AIM OF THE EXERCISE
Only the closing stretch of the material is wanted: the line containing "Definition dK (x" and every line after it, transcribed exactly.

THE DATA
*-*-*
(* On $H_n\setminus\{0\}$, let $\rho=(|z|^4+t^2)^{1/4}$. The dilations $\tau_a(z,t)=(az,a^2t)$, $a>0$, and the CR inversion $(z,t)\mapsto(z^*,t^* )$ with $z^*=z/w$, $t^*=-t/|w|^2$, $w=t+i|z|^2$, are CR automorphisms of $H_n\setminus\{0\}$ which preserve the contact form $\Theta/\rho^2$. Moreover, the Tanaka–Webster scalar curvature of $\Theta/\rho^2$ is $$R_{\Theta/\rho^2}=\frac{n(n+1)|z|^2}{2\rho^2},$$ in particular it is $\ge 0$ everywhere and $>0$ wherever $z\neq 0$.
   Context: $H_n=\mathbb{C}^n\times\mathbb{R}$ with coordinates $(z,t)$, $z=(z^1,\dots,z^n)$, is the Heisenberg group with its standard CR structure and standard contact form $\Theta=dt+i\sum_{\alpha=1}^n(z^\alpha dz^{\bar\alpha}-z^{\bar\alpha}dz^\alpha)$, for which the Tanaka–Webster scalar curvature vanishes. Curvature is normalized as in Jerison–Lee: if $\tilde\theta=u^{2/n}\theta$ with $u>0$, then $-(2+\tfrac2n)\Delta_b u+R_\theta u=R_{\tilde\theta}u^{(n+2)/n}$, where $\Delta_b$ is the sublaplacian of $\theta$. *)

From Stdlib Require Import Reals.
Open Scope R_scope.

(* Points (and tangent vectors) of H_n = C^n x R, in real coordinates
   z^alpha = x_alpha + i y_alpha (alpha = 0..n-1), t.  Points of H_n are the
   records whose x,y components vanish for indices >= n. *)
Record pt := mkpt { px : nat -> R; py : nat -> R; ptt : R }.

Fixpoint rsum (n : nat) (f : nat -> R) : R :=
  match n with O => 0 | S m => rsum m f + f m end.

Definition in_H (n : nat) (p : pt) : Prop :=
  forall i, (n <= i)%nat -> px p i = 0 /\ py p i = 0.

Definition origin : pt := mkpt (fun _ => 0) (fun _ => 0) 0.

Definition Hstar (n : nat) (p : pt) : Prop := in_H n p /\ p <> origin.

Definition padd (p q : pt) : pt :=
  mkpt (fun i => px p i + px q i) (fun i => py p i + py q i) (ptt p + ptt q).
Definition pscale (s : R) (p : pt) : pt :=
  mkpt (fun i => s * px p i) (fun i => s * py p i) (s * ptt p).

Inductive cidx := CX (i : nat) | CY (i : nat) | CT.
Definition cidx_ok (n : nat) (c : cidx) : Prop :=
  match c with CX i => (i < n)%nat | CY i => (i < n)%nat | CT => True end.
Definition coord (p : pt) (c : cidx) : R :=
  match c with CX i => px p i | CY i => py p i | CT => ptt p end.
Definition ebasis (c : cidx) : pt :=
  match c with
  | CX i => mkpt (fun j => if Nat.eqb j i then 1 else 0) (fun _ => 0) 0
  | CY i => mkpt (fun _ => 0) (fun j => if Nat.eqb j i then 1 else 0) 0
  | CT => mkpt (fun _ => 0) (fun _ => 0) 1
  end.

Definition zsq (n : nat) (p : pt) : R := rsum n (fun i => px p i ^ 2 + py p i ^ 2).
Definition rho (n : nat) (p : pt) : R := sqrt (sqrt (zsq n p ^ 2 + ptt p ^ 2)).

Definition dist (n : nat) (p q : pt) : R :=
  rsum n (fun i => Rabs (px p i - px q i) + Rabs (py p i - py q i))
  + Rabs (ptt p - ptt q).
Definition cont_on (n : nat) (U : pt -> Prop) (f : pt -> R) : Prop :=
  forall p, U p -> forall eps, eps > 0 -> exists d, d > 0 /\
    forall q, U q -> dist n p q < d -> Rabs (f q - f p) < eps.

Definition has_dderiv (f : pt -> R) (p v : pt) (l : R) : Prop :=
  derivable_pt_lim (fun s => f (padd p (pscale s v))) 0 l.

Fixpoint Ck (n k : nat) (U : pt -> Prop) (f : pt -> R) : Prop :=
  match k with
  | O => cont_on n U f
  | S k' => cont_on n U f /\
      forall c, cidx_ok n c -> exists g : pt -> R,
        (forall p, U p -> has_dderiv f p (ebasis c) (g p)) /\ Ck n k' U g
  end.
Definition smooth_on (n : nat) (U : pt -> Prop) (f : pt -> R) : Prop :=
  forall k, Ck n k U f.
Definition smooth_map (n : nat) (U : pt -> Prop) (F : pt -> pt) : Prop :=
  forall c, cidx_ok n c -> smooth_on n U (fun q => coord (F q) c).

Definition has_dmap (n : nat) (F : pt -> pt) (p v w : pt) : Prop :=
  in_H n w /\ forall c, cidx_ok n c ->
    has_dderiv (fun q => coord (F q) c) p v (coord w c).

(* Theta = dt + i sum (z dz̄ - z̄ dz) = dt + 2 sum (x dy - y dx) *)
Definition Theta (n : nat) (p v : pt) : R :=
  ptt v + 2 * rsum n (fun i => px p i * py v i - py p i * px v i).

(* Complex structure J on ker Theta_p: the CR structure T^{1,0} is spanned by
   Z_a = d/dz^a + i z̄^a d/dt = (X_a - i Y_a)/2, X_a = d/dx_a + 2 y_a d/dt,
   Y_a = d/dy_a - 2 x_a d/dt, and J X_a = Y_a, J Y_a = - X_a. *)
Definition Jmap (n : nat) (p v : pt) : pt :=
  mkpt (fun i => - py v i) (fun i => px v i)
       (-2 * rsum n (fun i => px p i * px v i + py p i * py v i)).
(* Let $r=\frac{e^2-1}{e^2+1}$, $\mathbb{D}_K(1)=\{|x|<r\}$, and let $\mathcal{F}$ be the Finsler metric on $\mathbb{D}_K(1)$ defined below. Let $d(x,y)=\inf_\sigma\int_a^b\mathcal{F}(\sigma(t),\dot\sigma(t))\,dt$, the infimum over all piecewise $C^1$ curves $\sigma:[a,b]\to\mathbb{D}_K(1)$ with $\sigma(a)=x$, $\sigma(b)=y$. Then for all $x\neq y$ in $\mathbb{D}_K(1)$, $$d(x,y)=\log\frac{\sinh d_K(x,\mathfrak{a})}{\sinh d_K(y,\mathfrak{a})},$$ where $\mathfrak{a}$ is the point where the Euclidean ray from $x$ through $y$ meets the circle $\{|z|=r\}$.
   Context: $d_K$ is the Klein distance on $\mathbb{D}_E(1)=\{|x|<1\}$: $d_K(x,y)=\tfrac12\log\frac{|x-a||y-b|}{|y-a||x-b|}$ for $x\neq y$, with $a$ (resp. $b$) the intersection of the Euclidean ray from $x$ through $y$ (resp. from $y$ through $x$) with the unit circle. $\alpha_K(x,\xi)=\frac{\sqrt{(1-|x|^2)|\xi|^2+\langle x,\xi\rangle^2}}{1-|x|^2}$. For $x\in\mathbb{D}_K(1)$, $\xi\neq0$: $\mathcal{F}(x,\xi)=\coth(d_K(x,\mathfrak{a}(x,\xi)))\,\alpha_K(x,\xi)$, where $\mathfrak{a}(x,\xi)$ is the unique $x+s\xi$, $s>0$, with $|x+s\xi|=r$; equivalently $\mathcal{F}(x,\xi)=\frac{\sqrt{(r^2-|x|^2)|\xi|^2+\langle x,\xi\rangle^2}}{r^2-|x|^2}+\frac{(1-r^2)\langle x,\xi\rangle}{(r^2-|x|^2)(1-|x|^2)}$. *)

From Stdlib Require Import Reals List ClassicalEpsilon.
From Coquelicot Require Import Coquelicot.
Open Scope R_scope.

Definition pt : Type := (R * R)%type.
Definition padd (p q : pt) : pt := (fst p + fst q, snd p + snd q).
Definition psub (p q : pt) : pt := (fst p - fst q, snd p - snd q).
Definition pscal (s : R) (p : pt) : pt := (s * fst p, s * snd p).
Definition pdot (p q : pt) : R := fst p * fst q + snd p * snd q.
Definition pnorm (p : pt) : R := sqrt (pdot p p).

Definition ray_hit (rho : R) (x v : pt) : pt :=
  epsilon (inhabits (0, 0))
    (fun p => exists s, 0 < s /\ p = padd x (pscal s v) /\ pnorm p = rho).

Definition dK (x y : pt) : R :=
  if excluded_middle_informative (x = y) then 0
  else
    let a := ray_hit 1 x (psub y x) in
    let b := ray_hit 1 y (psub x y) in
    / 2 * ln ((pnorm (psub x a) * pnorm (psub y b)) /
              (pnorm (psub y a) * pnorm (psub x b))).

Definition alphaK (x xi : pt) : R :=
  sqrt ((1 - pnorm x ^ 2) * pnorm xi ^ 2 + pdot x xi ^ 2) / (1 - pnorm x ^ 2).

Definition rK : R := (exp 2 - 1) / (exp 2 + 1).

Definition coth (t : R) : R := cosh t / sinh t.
*-*-*
RESULT
Definition dK (x y : pt) : R :=
  if excluded_middle_informative (x = y) then 0
  else
    let a := ray_hit 1 x (psub y x) in
    let b := ray_hit 1 y (psub x y) in
    / 2 * ln ((pnorm (psub x a) * pnorm (psub y b)) /
              (pnorm (psub y a) * pnorm (psub x b))).

Definition alphaK (x xi : pt) : R :=
  sqrt ((1 - pnorm x ^ 2) * pnorm xi ^ 2 + pdot x xi ^ 2) / (1 - pnorm x ^ 2).

Definition rK : R := (exp 2 - 1) / (exp 2 + 1).

Definition coth (t : R) : R := cosh t / sinh t.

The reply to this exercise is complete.